(* Let $A,B$ be idempotent $\Gamma$-graded rings and ${}_AP_B$, ${}_BQ_A$ graded bimodules unital on both sides, such that there is a graded Morita context $(A,B,P,Q,\mu,\nu)$ with surjective trace maps. Let ${}_AK$ and ${}_BL$ be unital torsion-free graded modules. Then: (1) The map $\varphi:P\otimes_B B\cdot\mathrm{HOM}_A(P,K)\to A\cdot\mathrm{HOM}_A(A,K)$ given by $\varphi(p\otimes f)(x)=f(xp)=xf(p)$ ($p\in P$, $f\in B\cdot\mathrm{HOM}_A(P,K)$, $x\in A$) is a graded epimorphism of degree $e$ of graded left $A$-modules with torsion kernel. (2) The map $\gamma:B\otimes_BL\to B\cdot\mathrm{HOM}_A(P,P\otimes_BL)$ given by $\gamma(b\otimes l)(p)=pb\otimes l$ is a graded epimorphism of degree $e$ of graded left $B$-modules with torsion kernel.
   Context: $\Gamma$ is a fixed multiplicative group with identity $e$. Rings are associative $\Gamma$-graded, not necessarily unital; $A$ is idempotent if $A^2=A$. A graded left module is unital if $AM=M$, torsion-free if $Am=0\Rightarrow m=0$; a module has torsion kernel if every element $k$ of the kernel satisfies $Ak=0$ (for $B$-modules: $Bk=0$). A left-linear $f$ is graded of degree $\sigma$ if $f(M_\tau)\subseteq N_{\tau\sigma}$; $\mathrm{HOM}$ is the direct sum over degrees. For ${}_RM_S$ and a graded left $R$-module $N$, $\mathrm{HOM}_R(M,N)$ is a graded left $S$-module via $(sf)(m)=f(ms)$; $S\cdot H$ denotes finite sums $\sum s_ih_i$. (In particular $\mathrm{HOM}_A(A,K)$ is a left $A$-module via $(af)(x)=f(xa)$.) A graded Morita context $(A,B,P,Q,\mu,\nu)$: idempotent graded rings $A,B$, graded bimodules ${}_AP_B$, ${}_BQ_A$ unital on both sides, degree-$e$ graded bimodule maps $\mu:P\otimes_BQ\to A$, $\langle p,q\rangle=\mu(p\otimes q)$, $\nu:Q\otimes_AP\to B$, $[q,p]=\nu(q\otimes p)$, with $p'[q,p]=\langle p',q\rangle p$ and $q'\langle p,q\rangle=[q',p]q$. *)

From HB Require Import structures.
From mathcomp Require Import all_boot all_algebra.
From Stdlib Require List.

Set Implicit Arguments.
Unset Strict Implicit.

Import GRing.Theory.
Local Open Scope ring_scope.

Record grp := Grp {
  gcar :> Type;
  gmul : gcar -> gcar -> gcar;
  gone : gcar;
  ginv : gcar -> gcar;
  gmulA : forall x y z, gmul x (gmul y z) = gmul (gmul x y) z;
  gmul1 : forall x, gmul gone x = x;
  gmulV : forall x, gmul (ginv x) x = gone
}.

(* A Gamma-grading of an abelian group M: a family of additive subgroups
   D g (the homogeneous elements of degree g) such that M = (+)_g D g
   (internal direct sum).                                               *)
Definition is_grading (G : grp) (M : zmodType) (D : G -> M -> Prop) : Prop :=
  (forall g, D g 0 /\ (forall x y, D g x -> D g y -> D g (x - y))) /\
  (forall m : M, exists s : seq (G * M)%type,
      (forall x, List.In x s -> D x.1 x.2) /\ m = \sum_(x <- s) x.2) /\
  (forall s : seq (G * M)%type,
      (forall x, List.In x s -> D x.1 x.2) ->
      List.NoDup (map fst s) ->
      \sum_(x <- s) x.2 = 0 ->
      forall x, List.In x s -> x.2 = 0).

Definition additive_fun (M N : zmodType) (f : M -> N) : Prop :=
  forall x y, f (x - y) = f x - f y.

Definition graded_ring (G : grp) (A : zmodType) (mul : A -> A -> A)
    (DA : G -> A -> Prop) : Prop :=
  is_grading DA /\
  (forall a b c, mul a (mul b c) = mul (mul a b) c) /\
  (forall a b c, mul a (b + c) = mul a b + mul a c) /\
  (forall a b c, mul (a + b) c = mul a c + mul b c) /\
  (forall s t a b, DA s a -> DA t b -> DA (gmul s t) (mul a b)).

Definition idempotent_ring (A : zmodType) (mul : A -> A -> A) : Prop :=
  forall a : A, exists s : seq (A * A)%type, a = \sum_(x <- s) mul x.1 x.2.

Definition graded_lmod (G : grp) (A : zmodType) (mul : A -> A -> A)
    (DA : G -> A -> Prop) (M : zmodType) (act : A -> M -> M)
    (DM : G -> M -> Prop) : Prop :=
  is_grading DM /\
  (forall a m n, act a (m + n) = act a m + act a n) /\
  (forall a b m, act (a + b) m = act a m + act b m) /\
  (forall a b m, act (mul a b) m = act a (act b m)) /\
  (forall s t a m, DA s a -> DM t m -> DM (gmul s t) (act a m)).

Definition graded_rmod (G : grp) (B : zmodType) (mul : B -> B -> B)
    (DB : G -> B -> Prop) (M : zmodType) (act : M -> B -> M)
    (DM : G -> M -> Prop) : Prop :=
  is_grading DM /\
  (forall b m n, act (m + n) b = act m b + act n b) /\
  (forall a b m, act m (a + b) = act m a + act m b) /\
  (forall a b m, act m (mul a b) = act (act m a) b) /\
  (forall s t m b, DM s m -> DB t b -> DM (gmul s t) (act m b)).

Definition unital_lmod (A M : zmodType) (act : A -> M -> M) : Prop :=
  forall m : M, exists s : seq (A * M)%type, m = \sum_(x <- s) act x.1 x.2.

Definition unital_rmod (B M : zmodType) (act : M -> B -> M) : Prop :=
  forall m : M, exists s : seq (M * B)%type, m = \sum_(x <- s) act x.1 x.2.

Definition torsion_free (A M : zmodType) (act : A -> M -> M) : Prop :=
  forall m : M, (forall a, act a m = 0) -> m = 0.

Definition graded_bimod (G : grp)
    (A : zmodType) (mulA : A -> A -> A) (DA : G -> A -> Prop)
    (B : zmodType) (mulB : B -> B -> B) (DB : G -> B -> Prop)
    (P : zmodType) (l : A -> P -> P) (r : P -> B -> P) (DP : G -> P -> Prop)
    : Prop :=
  graded_lmod mulA DA l DP /\ graded_rmod mulB DB r DP /\
  (forall a p b, r (l a p) b = l a (r p b)) /\
  unital_lmod l /\ unital_rmod r.

(* Tensor products P (x)_B M (P a right B-module, M a left B-module),
   given by the universal property of B-balanced biadditive maps.       *)
Definition biadditive (P M Z : zmodType) (beta : P -> M -> Z) : Prop :=
  (forall p1 p2 m, beta (p1 + p2) m = beta p1 m + beta p2 m) /\
  (forall p m1 m2, beta p (m1 + m2) = beta p m1 + beta p m2).

Definition balanced (B P M Z : zmodType) (r : P -> B -> P) (l : B -> M -> M)
    (beta : P -> M -> Z) : Prop :=
  forall p b m, beta (r p b) m = beta p (l b m).

Definition is_tensor (B P M : zmodType) (r : P -> B -> P) (l : B -> M -> M)
    (T : zmodType) (tens : P -> M -> T) : Prop :=
  biadditive tens /\ balanced r l tens /\
  forall (Z : zmodType) (beta : P -> M -> Z),
    biadditive beta -> balanced r l beta ->
    exists h : T -> Z, additive_fun h /\
      (forall p m, h (tens p m) = beta p m) /\
      (forall h' : T -> Z, additive_fun h' ->
         (forall p m, h' (tens p m) = beta p m) -> forall t, h' t = h t).

(* Graded Morita context (A,B,P,Q,mu,nu); mu and nu are given as the
   B-balanced (resp. A-balanced) biadditive maps <p,q> and [q,p], i.e. as
   maps on P (x)_B Q and Q (x)_A P.                                      *)
Definition graded_morita_context (G : grp)
    (A : zmodType) (mulA : A -> A -> A) (DA : G -> A -> Prop)
    (B : zmodType) (mulB : B -> B -> B) (DB : G -> B -> Prop)
    (P : zmodType) (lP : A -> P -> P) (rP : P -> B -> P) (DP : G -> P -> Prop)
    (Q : zmodType) (lQ : B -> Q -> Q) (rQ : Q -> A -> Q) (DQ : G -> Q -> Prop)
    (mu : P -> Q -> A) (nu : Q -> P -> B) : Prop :=
  biadditive mu /\ balanced rP lQ mu /\
  (forall a p q, mu (lP a p) q = mulA a (mu p q)) /\
  (forall p q a, mu p (rQ q a) = mulA (mu p q) a) /\
  (forall s t p q, DP s p -> DQ t q -> DA (gmul s t) (mu p q)) /\
  biadditive nu /\ balanced rQ lP nu /\
  (forall b q p, nu (lQ b q) p = mulB b (nu q p)) /\
  (forall q p b, nu q (rP p b) = mulB (nu q p) b) /\
  (forall s t q p, DQ s q -> DP t p -> DB (gmul s t) (nu q p)) /\
  (forall p' q p, rP p' (nu q p) = lP (mu p' q) p) /\
  (forall q' p q, rQ q' (mu p q) = lQ (nu q' p) q).

Definition surjective_traces (A B P Q : zmodType)
    (mu : P -> Q -> A) (nu : Q -> P -> B) : Prop :=
  (forall a : A, exists s : seq (P * Q)%type, a = \sum_(x <- s) mu x.1 x.2) /\
  (forall b : B, exists s : seq (Q * P)%type, b = \sum_(x <- s) nu x.1 x.2).

Definition graded_hom (G : grp) (A M N : zmodType)
    (lM : A -> M -> M) (DM : G -> M -> Prop)
    (lN : A -> N -> N) (DN : G -> N -> Prop) (sigma : G) (f : M -> N) : Prop :=
  additive_fun f /\
  (forall a m, f (lM a m) = lN a (f m)) /\
  (forall tau m, DM tau m -> DN (gmul tau sigma) (f m)).

(* HOM_A(M,N) = direct sum over the degrees: finite sums of graded maps. *)
Definition HOM (G : grp) (A M N : zmodType)
    (lM : A -> M -> M) (DM : G -> M -> Prop)
    (lN : A -> N -> N) (DN : G -> N -> Prop) (f : M -> N) : Prop :=
  exists s : seq (G * (M -> N))%type,
    (forall x, List.In x s -> graded_hom lM DM lN DN x.1 x.2) /\
    (forall m, f m = \sum_(x <- s) x.2 m).

(* For M a right S-module, S . HOM_A(M,N) = finite sums sum_i s_i h_i with
   h_i in HOM_A(M,N), where (s h)(m) = h(m s).                           *)
Definition SHOM (G : grp) (A S M N : zmodType)
    (lM : A -> M -> M) (rM : M -> S -> M) (DM : G -> M -> Prop)
    (lN : A -> N -> N) (DN : G -> N -> Prop) (f : M -> N) : Prop :=
  exists s : seq (S * (M -> N))%type,
    (forall x, List.In x s -> HOM lM DM lN DN x.2) /\
    (forall m, f m = \sum_(x <- s) x.2 (rM m x.1)).

(* φ and γ are defined on pure tensors, φ(p ⊗ f)(x) = f(xp) and
   γ(b ⊗ l)(p) = pb ⊗ l, through the universal property of the tensor product;
   since homogeneous pure tensors span, both have degree e.
   Surjectivity comes from the surjective traces: an element of S·HOM is a sum
   of maps x ↦ g(xs), and writing s = Σ⟨p,q⟩ (resp. s = Σ[q,p']) the Morita
   identities turn x ↦ g(x⟨p,q⟩) into φ(p ⊗ g(⟨-,q⟩)), and p ↦ g(p[q,p']) into
   p ↦ ⟨p,q⟩g(p'), a value of γ since ⟨p,q⟩(p'' ⊗ l) = p[q,p''] ⊗ l.
   For the kernels, ⟨p,q⟩t = p ⊗ χ(t) where χ(p' ⊗ f) = [q,p']f satisfies
   χ(t)(p') = φ(t)(⟨p',q⟩), and [q,p]t = θ(γ(t)(p)) where
   θ(p' ⊗ l) = [q,p'] ⊗ l. *)

From HB Require Import structures.
From mathcomp Require Import all_boot all_algebra.
From Stdlib Require Import ClassicalEpsilon.

Set Implicit Arguments.
Unset Strict Implicit.
Unset Printing Implicit Defensive.

Import GRing.Theory.
Local Open Scope ring_scope.

Definition asbool (P : Prop) : bool :=
  if excluded_middle_informative P then true else false.

Lemma asboolP (P : Prop) : reflect P (asbool P).
Proof. by rewrite /asbool; case: excluded_middle_informative => h; constructor. Qed.

(* Classical decidable equality on Gamma, used to collect summands by degree. *)
HB.instance Definition _ (G : grp) :=
  hasDecEq.Build (gcar G) (fun x y : G => asboolP (x = y)).

Section AdditiveFun.
Variables (M N : zmodType).
Implicit Type f : M -> N.

Lemma morphD0 f : {morph f : x y / x + y} -> f 0 = 0.
Proof. by move=> fD; apply: (addrI (f 0)); rewrite -fD !addr0. Qed.

Lemma morphDN f : {morph f : x y / x + y} -> {morph f : x / - x}.
Proof. by move=> fD x; apply: (addrI (f x)); rewrite -fD !subrr morphD0. Qed.

Lemma morphD_additive f : {morph f : x y / x + y} -> additive_fun f.
Proof. by move=> fD x y; rewrite fD morphDN. Qed.

Lemma additive_morphD f : additive_fun f -> {morph f : x y / x + y}.
Proof.
move=> fB x y; have f0 : f 0 = 0 by rewrite -(subrr 0) fB subrr.
have fN z : f (- z) = - f z by rewrite -sub0r fB f0 sub0r.
by rewrite -[y]opprK fB !fN opprK.
Qed.

Lemma morphD_sum f : {morph f : x y / x + y} ->
  forall (I : Type) (s : seq I) (P : pred I) (F : I -> M),
  f (\sum_(i <- s | P i) F i) = \sum_(i <- s | P i) f (F i).
Proof. by move=> fD I s P F; rewrite (big_morph f fD (morphD0 fD)). Qed.

End AdditiveFun.

Section SumsOverLists.
Variables (M : zmodType) (J : Type).

Lemma big_ind_In (K : M -> Prop) (s : seq J) (P : pred J) (F : J -> M) :
  K 0 -> (forall a b, K a -> K b -> K (a + b)) ->
  (forall j, List.In j s -> P j -> K (F j)) -> K (\sum_(j <- s | P j) F j).
Proof.
move=> K0 KD; elim: s => [|j s IH] KF; first by rewrite big_nil.
rewrite big_cons; have KFs := IH (fun i si => KF i (or_intror si)).
by case: ifP => // Pj; apply: KD => //; apply: KF => //; left.
Qed.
§
Would you print exactly and only the lines of the material above that run from the line with "forall a : A, exists s : seq (A" through the line with "(forall b m", both included?

  forall a : A, exists s : seq (A * A)%type, a = \sum_(x <- s) mul x.1 x.2.

Definition graded_lmod (G : grp) (A : zmodType) (mul : A -> A -> A)
    (DA : G -> A -> Prop) (M : zmodType) (act : A -> M -> M)
    (DM : G -> M -> Prop) : Prop :=
  is_grading DM /\
  (forall a m n, act a (m + n) = act a m + act a n) /\
  (forall a b m, act (a + b) m = act a m + act b m) /\
  (forall a b m, act (mul a b) m = act a (act b m)) /\
  (forall s t a m, DA s a -> DM t m -> DM (gmul s t) (act a m)).

Definition graded_rmod (G : grp) (B : zmodType) (mul : B -> B -> B)
    (DB : G -> B -> Prop) (M : zmodType) (act : M -> B -> M)
    (DM : G -> M -> Prop) : Prop :=
  is_grading DM /\
  (forall b m n, act (m + n) b = act m b + act n b) /\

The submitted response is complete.